* WHAT THE EXERCISE ASKS
In the material below, the required lines run from the one containing "assert (2 *" through the one containing "Lemma term_S_homogeneous (r". Copy those lines exactly, ends included, and nothing else.
-*-
(* #Hom((+)_i Z/d_i Z, C^x): a homomorphism out of (+)_i Z/d_i Z is the same as
   a choice of images z_i in C^x of the generators with z_i^{d_i} = 1. *)
Definition homCx (d : seq nat) : nat :=
  fincard (fun z : seq algC =>
    size z = size d /\ forall i, (i < size d)%N -> z`_i != 0 /\ z`_i ^+ (nth 0%N d i) = 1).

Definition mSCx (l : nat) (A : seq 'rV[int]_l) (I : {set 'I_(size A)}) : nat :=
  homCx (torsion_factors I).

Definition chiCx (l : nat) (A : seq 'rV[int]_l) : {poly int} :=
  \sum_(I : {set 'I_(size A)})
     ((-1) ^+ #|I| * (mSCx I)%:R) *: 'X^(l - rankS I).

Definition chiArith (l : nat) (A : seq 'rV[int]_l) : {poly int} :=
  \sum_(I : {set 'I_(size A)})
     ((-1) ^+ #|I| * (mS I)%:R) *: 'X^(l - rankS I).

Definition charQP (l : nat) (A : seq 'rV[int]_l) (q : nat) : nat :=
  #|[set x : {ffun 'I_l -> 'I_q} |
      all (fun a : 'rV[int]_l =>
             ~~ ((q%:Z) %| \sum_(j < l) a 0 j * (x j : nat)%:Z)%Z) A]|.

(* By inclusion-exclusion over the sublists S of A, the number of x in (Z/q)^l
   avoiding every hyperplane is an alternating sum of the numbers of solutions
   of x M_S = 0 mod q.  Writing M_S = L D R in Smith normal form with L and R
   unimodular, this number is m(S) q^(l - r_S) as soon as every invariant
   factor d_{S,i} divides q, which is the case when rho_A divides q; this is
   the value at q of the S-term of chi^arith_A.  Moreover
   #Hom((+)_i Z/d_i, C^x) = prod_i d_i, since C^x contains exactly d roots of
   unity of order dividing d, so chi^{C^x}_A = chi^arith_A. *)

From HB Require Import structures.
From mathcomp Require Import all_boot all_order all_algebra all_field.
From Stdlib Require Import ClassicalEpsilon.
Set Implicit Arguments. Unset Strict Implicit. Unset Printing Implicit Defensive.
Import Order.TTheory GRing.Theory Num.Theory.
Local Open Scope ring_scope.

Lemma fincardE (T : eqType) (P : T -> Prop) (s : seq T) :
  uniq s -> (forall x, P x <-> x \in s) -> fincard P = size s.
Proof.
move=> s_uniq Ps; rewrite /fincard.
have ex_s : exists n, exists s0 : seq T,
    [/\ uniq s0, (forall x, P x <-> x \in s0) & size s0 = n] by exists (size s), s.
case: (epsilon_spec (inhabits 0%N) _ ex_s) => s' [s'_uniq Ps' <-].
apply/perm_size/uniq_perm => // x.
by apply/idP/idP => [/Ps'/Ps | /Ps/Ps'].
Qed.

Definition unity_roots (k : nat) : seq algC :=
  if k is k'.+1 then mkseq (GRing.exp (sval (C_prim_root_exists (ltn0Sn k')))) k
  else [::].

Lemma unity_rootsP k : (0 < k)%N ->
  [/\ uniq (unity_roots k), size (unity_roots k) = k
    & forall x, (x \in unity_roots k) = (x ^+ k == 1)].
Proof.
case: k => // k _; rewrite /unity_roots.
case: (C_prim_root_exists (ltn0Sn k)) => z z_prim.
split; [ | by rewrite size_mkseq | ].
- rewrite map_inj_in_uniq ?iota_uniq // => i j.
  rewrite !mem_iota !add0n => ik jk /eqP.
  by rewrite (eq_prim_root_expr z_prim) !modn_small // => /eqP.
- move=> x; apply/mapP/eqP => [[i _ ->] | /(prim_rootP z_prim) [i ->]].
    by rewrite exprAC (prim_expr_order z_prim) expr1n.
  by exists (val i); rewrite // mem_iota add0n ltn_ord.
Qed.

Definition is_hom_seq (d : seq nat) (z : seq algC) : Prop :=
  size z = size d /\
  forall i, (i < size d)%N -> z`_i != 0 /\ z`_i ^+ (nth 0%N d i) = 1.

Fixpoint hom_seqs (d : seq nat) : seq (seq algC) :=
  if d is k :: d' then [seq x :: z | x <- unity_roots k, z <- hom_seqs d']
  else [:: [::]].
Definition Kexp_jump (p : nat -> nat -> R) (x : nat) (phi : Z -> R) : R :=
  Kexp p x (fun y => phi (Z.of_nat y - Z.of_nat x)%Z).

Definition Zexp_trunc (q : Z -> R) (L : Z) (phi : Z -> R) : R :=
  Zexp q (fun z => phi (Z.min z L)).

Section Domination.

Variables (p : nat -> nat -> R) (q : Z -> R) (L : Z) (mneg : R) (x : nat).
Hypotheses (Hp : stochastic_kernel p) (Hq : Z_law q)
  (Hdom : forall (i : nat) (j : Z), Z_tail q j <= jump_tail p i j).
Hypotheses (HL : (0 <= L)%Z)
  (Hmneg : infinite_sum (fun n => INR n * q (- Z.of_nat n)%Z) mneg).

Lemma Kexp_jump_ind_le (a : Z) :
  (a < L)%Z ->
  Kexp_jump p x (fun d => ind (d <=? a)%Z) <= Zexp_trunc q L (fun d => ind (d <=? a)%Z).
Proof.
  intros HaL.
  assert (HK : Kexp_jump p x (fun d => ind (d <=? a)%Z) + jump_tail p x a = 1).
  { assert (Htail : jump_tail p x a = Kexp p x (fun y => ind (a <? Z.of_nat y - Z.of_nat x)%Z)).
    { unfold jump_tail, Kexp. f_equal. apply functional_extensionality. intros y.
      destruct (a <? _)%Z; simpl; ring. }
    rewrite Htail, <- (Rmult_1_l (Kexp p x _)). unfold Kexp_jump.
    rewrite <- Kexp_lin by (auto; apply bounded_ind).
    etransitivity; [|apply (Kexp_const p Hp x 1)]. apply Kexp_ext. intros y.
    rewrite Rmult_1_l. apply ind_leb_add_ltb. }
  assert (HZ : Zexp_trunc q L (fun d => ind (d <=? a)%Z) + Zexp q (fun z => ind (a <? z)%Z) = 1).
  { rewrite <- (Rmult_1_l (Zexp q (fun z => _))). unfold Zexp_trunc.
    rewrite <- Zexp_lin by (auto; apply (Zintegrable_bounded q Hq), bounded_ind).
    etransitivity; [|apply (Zexp_const q Hq 1)]. apply Zexp_ext. intros z.
    rewrite Rmult_1_l, <- (ind_leb_add_ltb z a).
    destruct (Z.leb_spec (Z.min z L) a), (Z.leb_spec z a); simpl; lia || ring. }
  pose proof (Zexp_gt_le_tail q a Hq). pose proof (Hdom x a). lra.
Qed.
Lemma triple_defect_at_2 : triple_defect 2 = 0.
Proof.
  pose proof sqrt3_sqr. pose proof sqrt3_pos. pose proof PI_RGT_0.
  unfold triple_defect, atan_arg.
  replace (sqrt 3 * ((6 * 2 * 1 + 2 ^ 2 - 4 * 2 + 1) / (3 * (2 + 1) * (2 - 1)))) with (tan (PI / 3))
    by (rewrite tan_PI3; field).
  replace (sqrt 3 * ((6 * 2 * 0 + 2 ^ 2 - 4 * 2 + 1) / (3 * (2 + 1) * (2 - 1)))) with (- tan (PI / 6))
    by (rewrite tan_PI6; field_simplify_eq; [nra | lra]).
  replace (sqrt 3 / (2 * 2 - 1)) with (tan (PI / 6))
    by (rewrite tan_PI6; field_simplify_eq; [nra | lra]).
  rewrite atan_opp, !atan_tan; lra.
Qed.

Lemma tan_PI12 : tan (PI / 3 - PI / 4) = 2 - sqrt 3.
Proof.
  pose proof sqrt3_sqr. pose proof sqrt3_pos. pose proof PI_RGT_0.
  rewrite tan_minus, tan_PI3, tan_PI4.
  - field_simplify_eq; [nra | lra].
  - rewrite cos_PI3. lra.
  - rewrite cos_PI4. apply Rgt_not_eq, Rdiv_lt_0_compat; [lra | apply sqrt_lt_R0; lra].
  - apply Rgt_not_eq, cos_gt_0; lra.
  - rewrite tan_PI3, tan_PI4. lra.
Qed.

Lemma triple_defect_at_m1_msqrt3 : triple_defect (- (1 + sqrt 3)) = 0.
Proof.
  pose proof sqrt3_sqr. pose proof sqrt3_pos. pose proof PI_RGT_0.
  set (r := - (1 + sqrt 3)).
  unfold triple_defect, atan_arg.
  replace (sqrt 3 * ((6 * r * 1 + r ^ 2 - 4 * r + 1) / (3 * (r + 1) * (r - 1)))) with (tan (PI / 3 - PI / 4))
    by (rewrite tan_PI12; unfold r; field_simplify_eq; [nra | lra]).
  replace (sqrt 3 * ((6 * r * 0 + r ^ 2 - 4 * r + 1) / (3 * (r + 1) * (r - 1)))) with (tan (PI / 3))
    by (rewrite tan_PI3; unfold r; field_simplify_eq; [nra | lra]).
  replace (sqrt 3 / (2 * r - 1)) with (- tan (PI / 3 - PI / 4))
    by (rewrite tan_PI12; unfold r; field_simplify_eq; [nra | lra]).
  rewrite atan_opp, !atan_tan; lra.
Qed.

Lemma atan_triple (r : R) : 1 < r \/ r < -1 ->
  atan (sqrt 3 * atan_arg r 1) - atan (sqrt 3 * atan_arg r 0) = 3 * atan (sqrt 3 / (2 * r - 1)).
Proof.
  intros Hr. pose proof sqrt3_pos.
  enough (triple_defect r = 0) by (unfold triple_defect in *; lra).
  destruct Hr as [Hr|Hr].
  - rewrite <- triple_defect_at_2. apply is_derive_0_eq. intros u Hu.
    assert (1 < Rmin 2 r) by (apply Rmin_glb_lt; lra).
    apply triple_defect_derive; lra.
  - rewrite <- triple_defect_at_m1_msqrt3. apply is_derive_0_eq. intros u Hu.
    assert (Rmax (- (1 + sqrt 3)) r < -1) by (apply Rmax_lub_lt; lra).
    apply triple_defect_derive; lra.
Qed.

(** * Evaluation of the integral *)

Definition quad (r t : R) : R :=
  9 * r ^ 2 * t ^ 2 + 3 * r * (r ^ 2 - 4 * r + 1) * t + (r ^ 2 - r + 1) ^ 2.

(* Partial fractions along the factorisation [denominator_factor] below. *)
Definition log_part (r t : R) : R :=
  - (r ^ 2 - r + 1) / (6 * (r ^ 2 + r + 1)) * ln ((3 * r * t - (r + 1) ^ 2) ^ 2)
  - (r + 1) ^ 2 / (3 * (r ^ 2 + r + 1)) * ln (quad r t).

Definition antideriv (r t : R) : R :=
  log_part r t + 2 * r * (r + 1) / (sqrt 3 * (r - 1) * (r ^ 2 + r + 1)) * atan (sqrt 3 * atan_arg r t).

Definition closed_form (r : R) : R :=
  r / (r ^ 3 - 1) * (2 * sqrt 3 * (r + 1) * atan (sqrt 3 / (2 * r - 1))
    + (r - 1) * ln ((r ^ 3 + 1) / (r + 1) ^ 3)).

Lemma denominator_factor (r t : R) :
  (1 + r ^ 3) ^ 2 - 27 * r ^ 3 * t * (1 - t) ^ 2 = ((r + 1) ^ 2 - 3 * r * t) * quad r t.
Proof. unfold quad. ring. Qed.

Section ClosedForm.

Variable r : R.
Hypothesis Hr : 1 < r \/ r < -1.

Lemma quad_pos (t : R) : 0 < quad r t.
Proof.
  assert (0 < ((r + 1) * (r - 1)) ^ 2) by (apply pow2_pos; destruct Hr; nra).
  assert (E : quad r t = (3 * r * t + (r ^ 2 - 4 * r + 1) / 2) ^ 2 + 3 / 4 * ((r + 1) * (r - 1)) ^ 2)
    by (unfold quad; field).
  rewrite E. pose proof (pow2_ge_0 (3 * r * t + (r ^ 2 - 4 * r + 1) / 2)). lra.
Qed.

Lemma linear_factor_pos (t : R) : 0 <= t <= 1 -> 0 < (r + 1) ^ 2 - 3 * r * t.
Proof. intros Ht. destruct Hr; nra. Qed.

Lemma antideriv_derive (t : R) : 0 <= t <= 1 ->
  is_derive (antideriv r) t (integrand (27 * r ^ 3 / (1 + r ^ 3) ^ 2) t).
Proof.
  intros Ht.
  pose proof (quad_pos t). pose proof (linear_factor_pos t Ht). pose proof sqrt3_pos.
  assert (0 < r ^ 2 + r + 1) by nra.
  assert (r - 1 <> 0 /\ r + 1 <> 0 /\ 1 + r ^ 3 <> 0) as (Hm & Hp & Hc) by (destruct Hr; repeat split; nra).
  assert (Hden : 0 < (1 + r ^ 3) ^ 2 - 27 * r ^ 3 * t * (1 - t) ^ 2)
    by (rewrite denominator_factor; nra).
  evar (dl : R).
  assert (DL : is_derive (log_part r) t dl).
  { unfold log_part, quad in *. auto_derive; [|unfold dl; reflexivity].
    repeat split; try lra. apply pow2_pos. lra. }
  assert (DY : is_derive (atan_arg r) t (6 * r / (3 * (r + 1) * (r - 1)))).
  { unfold atan_arg. auto_derive; [nra|]. R_eq. field. split; assumption. }
  pose proof (is_derive_plus _ _ _ _ _ DL
    (is_derive_scal _ _ (2 * r * (r + 1) / (sqrt 3 * (r - 1) * (r ^ 2 + r + 1))) _
      (is_derive_atan_sqrt3 _ _ _ DY))) as D.
  cbn beta in D.
  match type of D with
  | is_derive _ _ ?d => assert (E : d = integrand (27 * r ^ 3 / (1 + r ^ 3) ^ 2) t)
  end.
  { change (plus ?a ?b) with (a + b). change (scal ?a ?b) with (a * b).
    unfold dl, integrand, geom_ratio, atan_arg, quad in *. R_eq.
    field. repeat split; lra. }
  rewrite E in D. exact D.
Qed.

Lemma antideriv_1_sub_0 : antideriv r 1 - antideriv r 0 = closed_form r.
Proof.
  pose proof sqrt3_pos.
  assert (Hm : 0 < r ^ 2 - r + 1) by nra.
  assert (Hn : 0 < r ^ 2 + r + 1) by nra.
  assert (r - 1 <> 0 /\ 2 * r - 1 <> 0 /\ r ^ 3 - 1 <> 0) as (H1 & H2 & H3)
    by (destruct Hr; repeat split; nra).
  assert (Hp : 0 < (r + 1) ^ 2) by (apply pow2_pos; destruct Hr; lra).
  unfold antideriv, log_part, closed_form.
  replace ((3 * r * 1 - (r + 1) ^ 2) ^ 2) with ((r ^ 2 - r + 1) * (r ^ 2 - r + 1)) by ring.
  replace ((3 * r * 0 - (r + 1) ^ 2) ^ 2) with ((r + 1) ^ 2 * (r + 1) ^ 2) by ring.
  replace (quad r 1) with ((r + 1) ^ 2 * (r ^ 2 - r + 1)) by (unfold quad; ring).
  replace (quad r 0) with ((r ^ 2 - r + 1) * (r ^ 2 - r + 1)) by (unfold quad; ring).
  replace ((r ^ 3 + 1) / (r + 1) ^ 3) with ((r ^ 2 - r + 1) * / (r + 1) ^ 2)
    by (field; destruct Hr; lra).
  rewrite !ln_mult, ln_Rinv by (try apply Rinv_0_lt_compat; lra).
  pose proof (atan_triple r Hr) as T.
  replace (atan (sqrt 3 * atan_arg r 1)) with (atan (sqrt 3 * atan_arg r 0) + 3 * atan (sqrt 3 / (2 * r - 1)))
    by lra.
  replace (2 * r * (r + 1) / (sqrt 3 * (r - 1) * (r ^ 2 + r + 1)))
    with (2 * sqrt 3 * r * (r + 1) / (sqrt 3 * sqrt 3 * (r - 1) * (r ^ 2 + r + 1)))
    by (field; repeat split; lra).
  rewrite sqrt3_sqr. field. repeat split; lra.
Qed.

Lemma is_RInt_closed_form : is_RInt (integrand (27 * r ^ 3 / (1 + r ^ 3) ^ 2)) 0 1 (closed_form r).
Proof.
  rewrite <- antideriv_1_sub_0.
  apply (is_RInt_derive (antideriv r)); intros t Ht; rewrite Rmin_left, Rmax_right in Ht by lra.
  - now apply antideriv_derive.
  - assert (1 + r ^ 3 <> 0) by (destruct Hr; nra).
    assert (0 < (1 + r ^ 3) ^ 2 - 27 * r ^ 3 * t * (1 - t) ^ 2)
      by (rewrite denominator_factor; pose proof (quad_pos t); pose proof (linear_factor_pos t Ht); nra).
    apply integrand_continuous. unfold geom_ratio. intros E.
    assert (Ed : (1 + r ^ 3) ^ 2 - 27 * r ^ 3 * t * (1 - t) ^ 2
                 = (1 + r ^ 3) ^ 2 * (1 - 27 * r ^ 3 / (1 + r ^ 3) ^ 2 * t * (1 - t) ^ 2))
      by (field; assumption).
    rewrite E, Rminus_diag, Rmult_0_r in Ed. lra.
Qed.

End ClosedForm.

(** * Cube roots *)

Lemma pow3_lt (a b : R) : a < b -> a ^ 3 < b ^ 3.
Proof.
  intros H.
  assert (0 < a ^ 2 + a * b + b ^ 2) by (pose proof (pow2_ge_0 (a + b)); nra).
  replace (b ^ 3) with (a ^ 3 + (b - a) * (a ^ 2 + a * b + b ^ 2)) by ring.
  assert (0 < (b - a) * (a ^ 2 + a * b + b ^ 2)) by (apply Rmult_lt_0_compat; lra).
  lra.
Qed.

Lemma pow3_inj (a b : R) : a ^ 3 = b ^ 3 -> a = b.
Proof.
  intros H. destruct (Rtotal_order a b) as [Hlt|[Heq|Hgt]]; [|exact Heq|].
  - apply pow3_lt in Hlt. lra.
  - apply pow3_lt in Hgt. lra.
Qed.

Lemma cbrt_cube (t : R) : cbrt t ^ 3 = t.
Proof.
  assert (Hpow : forall u, 0 < u -> Rpower u (1/3) ^ 3 = u).
  { intros u Hu. rewrite <- Rpower_pow, Rpower_mult by apply exp_pos.
    replace (1 / 3 * INR 3) with 1 by (simpl; field). now apply Rpower_1. }
  unfold cbrt. destruct (Rlt_dec 0 t) as [Hpos|Hpos]; [now apply Hpow|].
  destruct (Rlt_dec t 0) as [Hneg|Hneg].
  - replace ((- Rpower (- t) (1 / 3)) ^ 3) with (- Rpower (- t) (1 / 3) ^ 3) by ring.
    rewrite Hpow; lra.
  - replace t with 0 by lra. ring.
Qed.

Lemma cbrt_mult (x y : R) : cbrt (x * y) = cbrt x * cbrt y.
Proof. apply pow3_inj. now rewrite cbrt_cube, Rpow_mult_distr, !cbrt_cube. Qed.

Lemma cube_ratio_branches (r : R) : 1 < r ^ 3 \/ r ^ 3 < -1 -> 1 < r \/ r < -1.
Proof.
  intros [H|H].
  - left. destruct (Rle_or_lt r 1) as [Hr|Hr]; [|exact Hr].
    destruct (Req_dec r 1) as [E|E]; [subst; lra|].
    pose proof (pow3_lt r 1 ltac:(lra)). lra.
  - right. destruct (Rle_or_lt (-1) r) as [Hr|Hr]; [|exact Hr].
    destruct (Req_dec r (-1)) as [E|E]; [subst; lra|].
    pose proof (pow3_lt (-1) r ltac:(lra)). lra.
Qed.

Lemma convergence_range (u : R) : 1 < u \/ u <= - (sqrt 2 + 1) ^ 2 ->
  -27/4 <= 27 * u / (1 + u) ^ 2 < 27/4.
Proof.
  intros Hu.
  pose proof (sqrt_lt_R0 2 ltac:(lra)). pose proof (sqrt_sqrt 2 ltac:(lra)).
  assert (Hd : 0 < (1 + u) ^ 2) by (apply pow2_pos; destruct Hu; nra).
  assert (H1 : 0 < (1 - u) ^ 2) by (apply pow2_pos; destruct Hu; nra).
  (* -27/4 <= z reads (u + 3)^2 >= 8, i.e. u + 3 <= -2 sqrt 2 on the negative branch *)
  assert (H2 : 0 <= (1 + u) ^ 2 + 4 * u) by (destruct Hu; nra).
  assert (E : 27 * u / (1 + u) ^ 2 * (1 + u) ^ 2 = 27 * u) by (field; lra).
  split; [apply (Rmult_le_reg_r ((1 + u) ^ 2)) | apply (Rmult_lt_reg_r ((1 + u) ^ 2))];
    rewrite ?E; lra.
Qed.

Lemma closed_form_homogeneous (r b : R) : b <> 0 -> 1 < r \/ r < -1 ->
  r * b * b / ((r * b) ^ 3 - b ^ 3) *
    (2 * sqrt 3 * (r * b + b) * atan (sqrt 3 * b / (2 * (r * b) - b))
     + (r * b - b) * ln (((r * b) ^ 3 + b ^ 3) / (r * b + b) ^ 3))
  = closed_form r.
Proof.
  intros Hb Hr. unfold closed_form.
  assert (2 * r - 1 <> 0 /\ r + 1 <> 0 /\ r ^ 3 - 1 <> 0 /\ b ^ 3 <> 0) as (H1 & H2 & H3 & H4)
    by (repeat split; try (destruct Hr; nra); now apply pow_nonzero).
  replace (2 * (r * b) - b) with (b * (2 * r - 1)) by ring.
  replace (r * b + b) with (b * (r + 1)) by ring.
  replace ((r * b) ^ 3 + b ^ 3) with (b ^ 3 * (r ^ 3 + 1)) by ring.
  replace ((r * b) ^ 3 - b ^ 3) with (b ^ 3 * (r ^ 3 - 1)) by ring.
  replace (sqrt 3 * b / (b * (2 * r - 1))) with (sqrt 3 / (2 * r - 1)) by (field; tauto).
  replace (b ^ 3 * (r ^ 3 + 1) / (b * (r + 1)) ^ 3) with ((r ^ 3 + 1) / (r + 1) ^ 3)
    by (rewrite Rpow_mult_distr; field; tauto).
  field. tauto.
Qed.

Lemma term_S_homogeneous (r b : R) (n : nat) : b <> 0 -> 1 < r \/ r < -1 ->
  term ((r * b) ^ 3) (b ^ 3) (S n) = (27 * r ^ 3 / (1 + r ^ 3) ^ 2) ^ S n * beta n (2 * n + 2).
Proof.
  intros Hb Hr.
  assert (H3 : 1 + r ^ 3 <> 0) by (destruct Hr; nra).
  assert (Hs : (r * b) ^ 3 + b ^ 3 <> 0).
  { replace ((r * b) ^ 3 + b ^ 3) with (b ^ 3 * (1 + r ^ 3)) by ring.
    apply Rmult_integral_contrapositive. split; [now apply pow_nonzero | exact H3]. }
  rewrite (term_S_eq _ _ _ Hs). do 2 f_equal.
  field. tauto.
Qed.

Theorem mainTheorem2 (x y : R) :
  y <> 0 ->
  (x / y > 1 \/ x / y <= - (sqrt 2 + 1) ^ 2) ->
  is_series (fun n : nat => term x y (S n))
    (cbrt (x * y) / (x - y) *
      (2 * sqrt 3 * (cbrt x + cbrt y) *
         atan (sqrt 3 * cbrt y / (2 * cbrt x - cbrt y))
       + (cbrt x - cbrt y) * ln ((x + y) / (cbrt x + cbrt y) ^ 3))).
Proof.
  intros Hy Hxy.
  rewrite cbrt_mult.
  pose proof (cbrt_cube x) as Ex. pose proof (cbrt_cube y) as Ey.
  set (a := cbrt x) in *. set (b := cbrt y) in *. clearbody a b. subst x y.
  assert (Hb : b <> 0) by (intros ->; apply Hy; ring).
  assert (Ea : a = a / b * b) by (field; exact Hb).
  set (r := a / b) in Ea. clearbody r. subst a.
  replace ((r * b) ^ 3 / b ^ 3) with (r ^ 3) in Hxy by (field; exact Hb).
  assert (Hr : 1 < r \/ r < -1).
  { apply cube_ratio_branches. pose proof (sqrt_lt_R0 2 ltac:(lra)). destruct Hxy; [left | right]; nra. }
  rewrite closed_form_homogeneous by assumption.
  apply (is_series_ext _ _ _ (fun n => eq_sym (term_S_homogeneous r b n Hb Hr))).
  apply is_series_beta_integral, is_RInt_closed_form, Hr.
  apply convergence_range. destruct Hxy; [left | right]; lra.
Qed.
-*-
* OUTPUT FOR THIS EXERCISE
  assert (2 * r - 1 <> 0 /\ r + 1 <> 0 /\ r ^ 3 - 1 <> 0 /\ b ^ 3 <> 0) as (H1 & H2 & H3 & H4)
    by (repeat split; try (destruct Hr; nra); now apply pow_nonzero).
  replace (2 * (r * b) - b) with (b * (2 * r - 1)) by ring.
  replace (r * b + b) with (b * (r + 1)) by ring.
  replace ((r * b) ^ 3 + b ^ 3) with (b ^ 3 * (r ^ 3 + 1)) by ring.
  replace ((r * b) ^ 3 - b ^ 3) with (b ^ 3 * (r ^ 3 - 1)) by ring.
  replace (sqrt 3 * b / (b * (2 * r - 1))) with (sqrt 3 / (2 * r - 1)) by (field; tauto).
  replace (b ^ 3 * (r ^ 3 + 1) / (b * (r + 1)) ^ 3) with ((r ^ 3 + 1) / (r + 1) ^ 3)
    by (rewrite Rpow_mult_distr; field; tauto).
  field. tauto.
Qed.

Lemma term_S_homogeneous (r b : R) (n : nat) : b <> 0 -> 1 < r \/ r < -1 ->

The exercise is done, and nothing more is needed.